__Try it__
Using the data that follows, return exactly the lines from the one that contains "Definition sym_graph (V" through the one that contains "(* Let $\lambda\in", ends included.

Data records
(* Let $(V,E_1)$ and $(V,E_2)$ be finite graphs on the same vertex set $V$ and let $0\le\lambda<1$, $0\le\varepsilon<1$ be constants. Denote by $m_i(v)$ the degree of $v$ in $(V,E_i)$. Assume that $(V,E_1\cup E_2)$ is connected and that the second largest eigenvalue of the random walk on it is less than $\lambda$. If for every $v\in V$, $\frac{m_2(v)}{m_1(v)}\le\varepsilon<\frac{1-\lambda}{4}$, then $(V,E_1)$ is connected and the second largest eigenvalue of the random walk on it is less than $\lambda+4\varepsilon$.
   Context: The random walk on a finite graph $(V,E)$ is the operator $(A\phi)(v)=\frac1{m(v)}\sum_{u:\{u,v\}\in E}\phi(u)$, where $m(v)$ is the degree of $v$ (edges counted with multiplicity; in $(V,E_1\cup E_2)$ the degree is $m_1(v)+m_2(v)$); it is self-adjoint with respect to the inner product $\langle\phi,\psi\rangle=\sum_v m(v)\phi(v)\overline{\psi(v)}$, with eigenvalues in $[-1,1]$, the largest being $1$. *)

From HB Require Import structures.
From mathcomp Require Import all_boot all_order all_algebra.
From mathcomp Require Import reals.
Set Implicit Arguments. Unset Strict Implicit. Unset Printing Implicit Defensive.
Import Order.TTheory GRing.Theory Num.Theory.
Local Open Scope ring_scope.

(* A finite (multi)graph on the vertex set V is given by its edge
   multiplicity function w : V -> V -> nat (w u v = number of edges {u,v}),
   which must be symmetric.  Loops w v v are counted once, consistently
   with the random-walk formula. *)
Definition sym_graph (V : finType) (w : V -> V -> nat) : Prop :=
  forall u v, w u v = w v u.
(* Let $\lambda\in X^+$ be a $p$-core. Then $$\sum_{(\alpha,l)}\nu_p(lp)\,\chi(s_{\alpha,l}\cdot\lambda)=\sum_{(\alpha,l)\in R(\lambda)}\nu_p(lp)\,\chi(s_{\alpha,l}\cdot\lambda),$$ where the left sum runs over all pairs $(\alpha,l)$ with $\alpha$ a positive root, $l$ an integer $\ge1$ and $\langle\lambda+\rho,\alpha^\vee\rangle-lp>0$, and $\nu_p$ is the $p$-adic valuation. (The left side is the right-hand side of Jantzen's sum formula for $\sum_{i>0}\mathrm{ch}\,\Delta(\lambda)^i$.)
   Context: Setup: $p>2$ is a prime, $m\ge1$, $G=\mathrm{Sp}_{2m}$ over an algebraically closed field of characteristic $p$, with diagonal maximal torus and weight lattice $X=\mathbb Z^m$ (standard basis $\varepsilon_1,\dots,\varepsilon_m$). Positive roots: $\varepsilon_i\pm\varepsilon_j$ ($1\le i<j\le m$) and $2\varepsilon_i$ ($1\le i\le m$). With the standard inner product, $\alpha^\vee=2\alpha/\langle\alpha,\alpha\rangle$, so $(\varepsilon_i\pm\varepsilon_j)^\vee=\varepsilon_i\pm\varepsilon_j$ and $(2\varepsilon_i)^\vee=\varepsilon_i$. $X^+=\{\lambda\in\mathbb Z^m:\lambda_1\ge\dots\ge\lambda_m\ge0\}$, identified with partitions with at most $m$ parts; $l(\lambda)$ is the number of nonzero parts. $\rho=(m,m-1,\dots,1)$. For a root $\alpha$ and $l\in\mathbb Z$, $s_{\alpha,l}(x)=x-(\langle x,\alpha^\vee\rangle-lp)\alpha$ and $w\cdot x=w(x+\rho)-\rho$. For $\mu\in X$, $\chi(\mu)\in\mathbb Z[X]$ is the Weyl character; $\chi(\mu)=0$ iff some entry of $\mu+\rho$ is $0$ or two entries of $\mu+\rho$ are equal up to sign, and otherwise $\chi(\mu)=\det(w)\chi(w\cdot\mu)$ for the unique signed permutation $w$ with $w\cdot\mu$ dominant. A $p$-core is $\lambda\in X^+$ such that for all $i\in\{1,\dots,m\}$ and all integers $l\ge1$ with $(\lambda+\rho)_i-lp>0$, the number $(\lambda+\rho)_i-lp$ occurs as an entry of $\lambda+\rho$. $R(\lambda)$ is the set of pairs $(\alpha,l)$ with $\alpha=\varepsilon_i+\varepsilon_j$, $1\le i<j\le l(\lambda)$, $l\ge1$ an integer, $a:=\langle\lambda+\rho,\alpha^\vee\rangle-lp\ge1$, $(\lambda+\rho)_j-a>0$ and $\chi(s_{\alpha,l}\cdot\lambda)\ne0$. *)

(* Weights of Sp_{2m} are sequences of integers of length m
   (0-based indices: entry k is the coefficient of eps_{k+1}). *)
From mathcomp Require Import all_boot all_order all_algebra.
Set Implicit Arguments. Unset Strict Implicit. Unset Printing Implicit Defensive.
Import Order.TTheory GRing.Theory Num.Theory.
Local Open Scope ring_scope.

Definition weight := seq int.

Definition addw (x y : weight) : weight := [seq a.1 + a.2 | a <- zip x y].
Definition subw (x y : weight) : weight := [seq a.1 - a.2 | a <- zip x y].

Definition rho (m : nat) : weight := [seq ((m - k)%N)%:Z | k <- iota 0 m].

__Reply to the exercise__
Definition sym_graph (V : finType) (w : V -> V -> nat) : Prop :=
  forall u v, w u v = w v u.
(* Let $\lambda\in X^+$ be a $p$-core. Then $$\sum_{(\alpha,l)}\nu_p(lp)\,\chi(s_{\alpha,l}\cdot\lambda)=\sum_{(\alpha,l)\in R(\lambda)}\nu_p(lp)\,\chi(s_{\alpha,l}\cdot\lambda),$$ where the left sum runs over all pairs $(\alpha,l)$ with $\alpha$ a positive root, $l$ an integer $\ge1$ and $\langle\lambda+\rho,\alpha^\vee\rangle-lp>0$, and $\nu_p$ is the $p$-adic valuation. (The left side is the right-hand side of Jantzen's sum formula for $\sum_{i>0}\mathrm{ch}\,\Delta(\lambda)^i$.)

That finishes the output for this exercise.